**Work instructions**
The lines to reproduce from the material below are those from the one containing "have weight_const v" through the one containing "rewrite neutral_step_mean subr0", both included; write them out exactly and add nothing.
⟨
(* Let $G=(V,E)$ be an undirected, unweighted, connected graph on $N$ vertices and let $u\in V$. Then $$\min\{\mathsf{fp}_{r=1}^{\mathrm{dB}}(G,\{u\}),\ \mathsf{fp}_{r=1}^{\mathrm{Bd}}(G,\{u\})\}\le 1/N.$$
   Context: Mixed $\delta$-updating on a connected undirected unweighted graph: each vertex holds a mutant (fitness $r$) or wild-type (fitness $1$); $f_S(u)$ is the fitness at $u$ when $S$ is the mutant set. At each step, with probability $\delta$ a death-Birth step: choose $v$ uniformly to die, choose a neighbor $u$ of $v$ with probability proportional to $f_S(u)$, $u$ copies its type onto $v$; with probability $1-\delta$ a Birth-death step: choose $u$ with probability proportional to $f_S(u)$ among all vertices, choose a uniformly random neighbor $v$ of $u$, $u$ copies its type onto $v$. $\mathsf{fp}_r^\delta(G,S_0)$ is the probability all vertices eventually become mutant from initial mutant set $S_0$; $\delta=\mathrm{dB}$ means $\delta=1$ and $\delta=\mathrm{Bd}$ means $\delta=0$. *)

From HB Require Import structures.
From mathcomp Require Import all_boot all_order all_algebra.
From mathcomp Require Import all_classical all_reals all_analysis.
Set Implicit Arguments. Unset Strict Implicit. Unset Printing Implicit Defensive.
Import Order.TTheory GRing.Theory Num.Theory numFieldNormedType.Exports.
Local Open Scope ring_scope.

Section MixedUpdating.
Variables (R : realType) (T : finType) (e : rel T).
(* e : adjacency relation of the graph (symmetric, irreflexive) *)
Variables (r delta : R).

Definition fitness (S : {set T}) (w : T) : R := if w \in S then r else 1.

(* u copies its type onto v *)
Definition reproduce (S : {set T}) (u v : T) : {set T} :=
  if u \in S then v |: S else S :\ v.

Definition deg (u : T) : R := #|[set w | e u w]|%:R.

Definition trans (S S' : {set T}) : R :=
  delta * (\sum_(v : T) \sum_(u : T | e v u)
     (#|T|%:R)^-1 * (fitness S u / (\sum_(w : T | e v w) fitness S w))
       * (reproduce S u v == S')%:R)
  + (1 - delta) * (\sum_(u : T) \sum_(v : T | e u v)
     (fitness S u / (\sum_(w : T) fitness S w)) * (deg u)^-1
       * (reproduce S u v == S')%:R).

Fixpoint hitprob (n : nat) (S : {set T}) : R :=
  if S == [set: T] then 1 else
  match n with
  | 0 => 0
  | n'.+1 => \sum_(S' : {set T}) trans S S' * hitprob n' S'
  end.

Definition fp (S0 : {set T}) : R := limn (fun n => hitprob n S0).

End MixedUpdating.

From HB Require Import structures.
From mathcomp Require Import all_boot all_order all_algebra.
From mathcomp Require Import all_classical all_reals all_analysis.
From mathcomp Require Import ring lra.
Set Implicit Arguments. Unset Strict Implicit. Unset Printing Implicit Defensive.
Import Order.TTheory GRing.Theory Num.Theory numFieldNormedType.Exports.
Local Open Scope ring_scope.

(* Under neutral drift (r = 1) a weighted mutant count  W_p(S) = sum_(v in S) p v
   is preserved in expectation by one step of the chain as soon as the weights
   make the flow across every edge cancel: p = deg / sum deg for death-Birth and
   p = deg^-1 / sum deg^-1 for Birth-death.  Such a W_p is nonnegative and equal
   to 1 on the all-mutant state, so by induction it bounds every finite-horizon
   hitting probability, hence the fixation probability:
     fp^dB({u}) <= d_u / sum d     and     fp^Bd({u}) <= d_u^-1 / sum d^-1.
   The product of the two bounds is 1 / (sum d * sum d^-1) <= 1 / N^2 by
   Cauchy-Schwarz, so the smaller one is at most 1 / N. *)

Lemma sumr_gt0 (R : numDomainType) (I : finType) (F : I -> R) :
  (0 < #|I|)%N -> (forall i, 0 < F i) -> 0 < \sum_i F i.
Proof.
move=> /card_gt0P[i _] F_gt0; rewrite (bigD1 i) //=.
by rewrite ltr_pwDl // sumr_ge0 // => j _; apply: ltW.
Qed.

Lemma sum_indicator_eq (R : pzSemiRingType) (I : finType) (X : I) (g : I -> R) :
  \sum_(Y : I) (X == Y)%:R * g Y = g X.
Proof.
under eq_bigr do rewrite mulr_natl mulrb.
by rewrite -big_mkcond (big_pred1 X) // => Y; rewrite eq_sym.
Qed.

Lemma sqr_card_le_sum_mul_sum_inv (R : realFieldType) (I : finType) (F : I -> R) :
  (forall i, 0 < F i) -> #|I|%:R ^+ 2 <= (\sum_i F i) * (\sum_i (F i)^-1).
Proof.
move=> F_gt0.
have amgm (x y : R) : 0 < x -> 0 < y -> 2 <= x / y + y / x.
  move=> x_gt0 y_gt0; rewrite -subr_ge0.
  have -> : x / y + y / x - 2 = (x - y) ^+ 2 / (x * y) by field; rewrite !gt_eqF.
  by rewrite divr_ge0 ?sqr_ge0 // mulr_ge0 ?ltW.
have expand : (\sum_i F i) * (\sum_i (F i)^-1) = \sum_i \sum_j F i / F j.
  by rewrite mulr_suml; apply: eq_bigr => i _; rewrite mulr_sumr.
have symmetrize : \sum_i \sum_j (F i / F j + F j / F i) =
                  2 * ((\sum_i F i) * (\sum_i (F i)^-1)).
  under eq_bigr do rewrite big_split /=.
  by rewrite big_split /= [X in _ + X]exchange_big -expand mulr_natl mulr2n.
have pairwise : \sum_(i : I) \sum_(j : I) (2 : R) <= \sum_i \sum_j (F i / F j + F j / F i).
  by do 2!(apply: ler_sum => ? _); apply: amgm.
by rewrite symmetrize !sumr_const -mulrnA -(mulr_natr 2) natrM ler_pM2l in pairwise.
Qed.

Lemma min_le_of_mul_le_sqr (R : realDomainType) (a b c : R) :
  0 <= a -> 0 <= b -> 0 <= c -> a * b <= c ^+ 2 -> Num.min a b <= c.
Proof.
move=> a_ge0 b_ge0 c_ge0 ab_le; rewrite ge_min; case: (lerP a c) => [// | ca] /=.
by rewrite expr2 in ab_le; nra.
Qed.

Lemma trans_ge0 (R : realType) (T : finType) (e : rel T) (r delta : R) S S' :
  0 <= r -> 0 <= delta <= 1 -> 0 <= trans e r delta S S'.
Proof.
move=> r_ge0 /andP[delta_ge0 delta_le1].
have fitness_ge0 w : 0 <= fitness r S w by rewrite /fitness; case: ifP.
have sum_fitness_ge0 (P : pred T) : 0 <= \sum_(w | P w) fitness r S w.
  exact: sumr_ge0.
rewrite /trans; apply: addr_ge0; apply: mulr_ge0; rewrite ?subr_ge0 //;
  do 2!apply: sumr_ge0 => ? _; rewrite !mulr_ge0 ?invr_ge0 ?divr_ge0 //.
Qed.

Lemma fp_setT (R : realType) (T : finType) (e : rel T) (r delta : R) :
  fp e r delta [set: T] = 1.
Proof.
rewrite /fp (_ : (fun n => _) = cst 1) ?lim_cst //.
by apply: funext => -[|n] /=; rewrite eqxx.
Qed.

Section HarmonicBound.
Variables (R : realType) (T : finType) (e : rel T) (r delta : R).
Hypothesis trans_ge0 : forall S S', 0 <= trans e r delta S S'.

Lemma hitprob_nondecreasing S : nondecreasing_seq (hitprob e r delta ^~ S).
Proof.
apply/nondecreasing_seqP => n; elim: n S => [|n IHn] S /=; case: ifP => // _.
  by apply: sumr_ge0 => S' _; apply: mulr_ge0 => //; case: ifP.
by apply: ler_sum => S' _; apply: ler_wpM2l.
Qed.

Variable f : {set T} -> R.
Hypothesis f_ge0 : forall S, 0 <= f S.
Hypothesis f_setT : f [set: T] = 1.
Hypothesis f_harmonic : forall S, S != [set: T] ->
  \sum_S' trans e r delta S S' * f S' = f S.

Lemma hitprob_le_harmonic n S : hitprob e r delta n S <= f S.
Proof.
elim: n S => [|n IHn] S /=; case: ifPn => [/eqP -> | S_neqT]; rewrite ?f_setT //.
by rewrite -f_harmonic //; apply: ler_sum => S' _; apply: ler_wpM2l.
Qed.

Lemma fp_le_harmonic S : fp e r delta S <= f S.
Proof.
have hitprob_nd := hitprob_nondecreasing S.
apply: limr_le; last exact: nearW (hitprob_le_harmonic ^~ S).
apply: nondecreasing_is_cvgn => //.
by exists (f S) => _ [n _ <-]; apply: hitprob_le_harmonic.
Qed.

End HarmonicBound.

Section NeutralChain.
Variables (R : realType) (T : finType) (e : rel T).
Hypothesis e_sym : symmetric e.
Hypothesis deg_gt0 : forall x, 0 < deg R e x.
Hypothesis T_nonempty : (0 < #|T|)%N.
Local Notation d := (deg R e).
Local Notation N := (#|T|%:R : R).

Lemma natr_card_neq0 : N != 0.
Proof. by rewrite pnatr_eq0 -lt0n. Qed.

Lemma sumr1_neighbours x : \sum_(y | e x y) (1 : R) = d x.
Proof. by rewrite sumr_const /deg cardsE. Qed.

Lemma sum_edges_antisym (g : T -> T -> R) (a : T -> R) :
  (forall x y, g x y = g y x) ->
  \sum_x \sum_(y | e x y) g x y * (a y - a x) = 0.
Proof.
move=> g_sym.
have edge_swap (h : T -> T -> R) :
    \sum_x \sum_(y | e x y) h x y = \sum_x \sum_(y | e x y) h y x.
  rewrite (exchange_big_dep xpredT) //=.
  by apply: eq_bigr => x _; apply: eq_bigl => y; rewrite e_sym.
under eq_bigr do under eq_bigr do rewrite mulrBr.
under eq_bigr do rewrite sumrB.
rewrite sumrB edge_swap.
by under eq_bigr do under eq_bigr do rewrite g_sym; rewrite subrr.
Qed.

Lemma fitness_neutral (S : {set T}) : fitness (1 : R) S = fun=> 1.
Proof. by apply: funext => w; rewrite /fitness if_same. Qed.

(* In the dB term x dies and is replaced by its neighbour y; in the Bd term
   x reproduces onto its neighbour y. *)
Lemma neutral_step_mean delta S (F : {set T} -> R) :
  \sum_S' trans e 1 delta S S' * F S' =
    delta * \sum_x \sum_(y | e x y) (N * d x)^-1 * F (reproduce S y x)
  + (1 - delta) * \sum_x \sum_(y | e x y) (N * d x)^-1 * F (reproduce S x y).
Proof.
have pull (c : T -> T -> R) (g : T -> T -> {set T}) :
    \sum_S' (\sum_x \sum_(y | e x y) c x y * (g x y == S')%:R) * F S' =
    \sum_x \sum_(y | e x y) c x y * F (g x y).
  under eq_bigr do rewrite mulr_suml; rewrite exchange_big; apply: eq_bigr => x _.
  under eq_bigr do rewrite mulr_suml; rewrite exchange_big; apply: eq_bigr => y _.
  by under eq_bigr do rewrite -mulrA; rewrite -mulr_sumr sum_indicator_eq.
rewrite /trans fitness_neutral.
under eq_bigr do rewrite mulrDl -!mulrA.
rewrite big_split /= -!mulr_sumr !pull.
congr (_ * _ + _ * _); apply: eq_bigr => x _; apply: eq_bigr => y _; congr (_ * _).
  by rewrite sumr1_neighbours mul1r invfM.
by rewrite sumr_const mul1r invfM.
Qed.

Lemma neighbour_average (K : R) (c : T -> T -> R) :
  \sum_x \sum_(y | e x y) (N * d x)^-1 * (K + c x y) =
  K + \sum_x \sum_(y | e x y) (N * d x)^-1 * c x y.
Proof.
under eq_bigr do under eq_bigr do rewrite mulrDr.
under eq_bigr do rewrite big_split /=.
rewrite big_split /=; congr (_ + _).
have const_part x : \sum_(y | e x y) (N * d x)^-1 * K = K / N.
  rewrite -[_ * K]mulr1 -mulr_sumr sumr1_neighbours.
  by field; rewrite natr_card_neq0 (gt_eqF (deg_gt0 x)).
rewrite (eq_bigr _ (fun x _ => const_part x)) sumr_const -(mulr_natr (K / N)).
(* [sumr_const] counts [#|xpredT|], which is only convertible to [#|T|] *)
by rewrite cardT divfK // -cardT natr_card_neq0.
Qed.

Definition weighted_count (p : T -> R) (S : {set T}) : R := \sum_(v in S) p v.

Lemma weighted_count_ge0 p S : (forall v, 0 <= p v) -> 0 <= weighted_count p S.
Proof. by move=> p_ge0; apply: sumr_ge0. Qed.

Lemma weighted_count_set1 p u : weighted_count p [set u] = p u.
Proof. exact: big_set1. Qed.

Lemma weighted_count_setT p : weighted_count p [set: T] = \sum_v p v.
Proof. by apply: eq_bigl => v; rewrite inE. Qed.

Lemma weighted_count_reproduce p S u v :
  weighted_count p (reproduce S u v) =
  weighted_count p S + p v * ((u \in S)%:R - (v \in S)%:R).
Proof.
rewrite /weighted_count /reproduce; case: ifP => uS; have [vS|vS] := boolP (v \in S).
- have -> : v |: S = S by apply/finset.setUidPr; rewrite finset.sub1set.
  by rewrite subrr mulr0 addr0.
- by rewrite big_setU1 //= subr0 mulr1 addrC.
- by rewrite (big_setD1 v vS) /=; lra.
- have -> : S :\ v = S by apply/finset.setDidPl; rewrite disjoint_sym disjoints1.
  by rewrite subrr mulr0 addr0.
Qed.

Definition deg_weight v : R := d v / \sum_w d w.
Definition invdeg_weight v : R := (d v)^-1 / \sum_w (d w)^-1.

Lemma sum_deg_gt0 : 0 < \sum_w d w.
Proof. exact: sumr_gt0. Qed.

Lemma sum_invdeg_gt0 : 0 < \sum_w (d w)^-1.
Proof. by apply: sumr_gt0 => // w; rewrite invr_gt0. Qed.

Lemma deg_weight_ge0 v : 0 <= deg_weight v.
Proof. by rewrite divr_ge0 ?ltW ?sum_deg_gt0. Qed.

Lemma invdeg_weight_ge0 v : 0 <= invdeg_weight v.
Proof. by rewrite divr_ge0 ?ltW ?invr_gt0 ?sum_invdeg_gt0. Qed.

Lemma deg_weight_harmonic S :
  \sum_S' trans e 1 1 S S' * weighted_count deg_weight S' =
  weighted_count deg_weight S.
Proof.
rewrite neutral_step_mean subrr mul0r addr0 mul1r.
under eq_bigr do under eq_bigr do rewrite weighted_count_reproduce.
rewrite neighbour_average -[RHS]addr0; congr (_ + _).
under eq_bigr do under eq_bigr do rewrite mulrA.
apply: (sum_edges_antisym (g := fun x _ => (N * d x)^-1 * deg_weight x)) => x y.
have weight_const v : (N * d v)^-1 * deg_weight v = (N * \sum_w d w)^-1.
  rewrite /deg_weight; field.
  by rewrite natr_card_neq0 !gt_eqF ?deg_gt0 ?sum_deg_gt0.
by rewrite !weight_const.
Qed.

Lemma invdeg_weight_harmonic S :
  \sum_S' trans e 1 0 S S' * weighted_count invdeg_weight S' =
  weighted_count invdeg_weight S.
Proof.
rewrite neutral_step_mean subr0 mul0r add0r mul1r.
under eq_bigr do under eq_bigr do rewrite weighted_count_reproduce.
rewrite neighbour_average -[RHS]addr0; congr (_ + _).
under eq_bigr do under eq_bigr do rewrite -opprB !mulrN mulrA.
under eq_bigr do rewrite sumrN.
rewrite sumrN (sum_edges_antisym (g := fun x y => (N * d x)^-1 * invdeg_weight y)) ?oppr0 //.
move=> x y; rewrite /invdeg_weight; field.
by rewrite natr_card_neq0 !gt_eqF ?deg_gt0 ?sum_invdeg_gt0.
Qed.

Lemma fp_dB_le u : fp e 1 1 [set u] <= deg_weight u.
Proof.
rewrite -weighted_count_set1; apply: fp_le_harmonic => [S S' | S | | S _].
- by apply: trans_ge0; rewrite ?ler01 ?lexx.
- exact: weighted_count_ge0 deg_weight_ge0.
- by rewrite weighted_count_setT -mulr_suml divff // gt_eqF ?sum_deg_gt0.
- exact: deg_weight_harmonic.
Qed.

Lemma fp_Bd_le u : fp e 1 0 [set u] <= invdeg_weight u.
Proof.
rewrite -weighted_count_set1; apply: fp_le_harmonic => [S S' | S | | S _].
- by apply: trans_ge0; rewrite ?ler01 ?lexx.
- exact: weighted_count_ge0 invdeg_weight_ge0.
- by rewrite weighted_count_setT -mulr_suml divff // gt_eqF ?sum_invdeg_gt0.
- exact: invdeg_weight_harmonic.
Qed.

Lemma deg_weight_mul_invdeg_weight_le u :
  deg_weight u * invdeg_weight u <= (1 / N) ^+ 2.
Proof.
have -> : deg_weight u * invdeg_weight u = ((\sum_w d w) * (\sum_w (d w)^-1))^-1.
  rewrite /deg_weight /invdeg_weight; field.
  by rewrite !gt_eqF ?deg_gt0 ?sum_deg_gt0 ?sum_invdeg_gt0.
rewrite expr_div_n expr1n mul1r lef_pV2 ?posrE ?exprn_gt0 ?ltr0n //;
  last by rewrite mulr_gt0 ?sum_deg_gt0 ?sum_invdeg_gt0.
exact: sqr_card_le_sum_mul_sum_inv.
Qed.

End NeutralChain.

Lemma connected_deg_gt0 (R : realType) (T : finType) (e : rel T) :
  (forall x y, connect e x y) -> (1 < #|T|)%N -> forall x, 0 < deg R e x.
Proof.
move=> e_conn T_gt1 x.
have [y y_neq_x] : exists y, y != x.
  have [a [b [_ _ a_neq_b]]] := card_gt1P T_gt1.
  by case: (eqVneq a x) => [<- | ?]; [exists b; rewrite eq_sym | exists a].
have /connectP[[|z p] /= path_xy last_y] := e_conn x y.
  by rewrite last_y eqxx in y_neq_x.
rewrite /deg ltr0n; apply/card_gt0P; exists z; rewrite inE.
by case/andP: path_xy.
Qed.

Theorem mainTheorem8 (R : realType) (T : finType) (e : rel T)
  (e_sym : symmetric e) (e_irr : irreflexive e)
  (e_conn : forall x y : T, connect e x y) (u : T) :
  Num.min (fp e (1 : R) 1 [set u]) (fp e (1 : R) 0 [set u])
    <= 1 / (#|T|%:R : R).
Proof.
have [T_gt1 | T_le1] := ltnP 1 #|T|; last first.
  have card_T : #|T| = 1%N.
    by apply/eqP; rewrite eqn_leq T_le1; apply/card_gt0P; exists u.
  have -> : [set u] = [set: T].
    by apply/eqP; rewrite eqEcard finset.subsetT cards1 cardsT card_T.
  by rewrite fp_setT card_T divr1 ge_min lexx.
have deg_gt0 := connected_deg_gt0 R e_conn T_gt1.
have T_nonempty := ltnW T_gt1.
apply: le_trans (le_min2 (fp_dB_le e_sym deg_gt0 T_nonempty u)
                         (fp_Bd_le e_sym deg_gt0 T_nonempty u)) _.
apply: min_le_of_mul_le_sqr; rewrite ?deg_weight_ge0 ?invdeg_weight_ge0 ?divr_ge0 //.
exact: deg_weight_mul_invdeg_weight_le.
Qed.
⟩
**Task solution**
have weight_const v : (N * d v)^-1 * deg_weight v = (N * \sum_w d w)^-1.
  rewrite /deg_weight; field.
  by rewrite natr_card_neq0 !gt_eqF ?deg_gt0 ?sum_deg_gt0.
by rewrite !weight_const.
Qed.

Lemma invdeg_weight_harmonic S :
  \sum_S' trans e 1 0 S S' * weighted_count invdeg_weight S' =
  weighted_count invdeg_weight S.
Proof.
rewrite neutral_step_mean subr0 mul0r add0r mul1r.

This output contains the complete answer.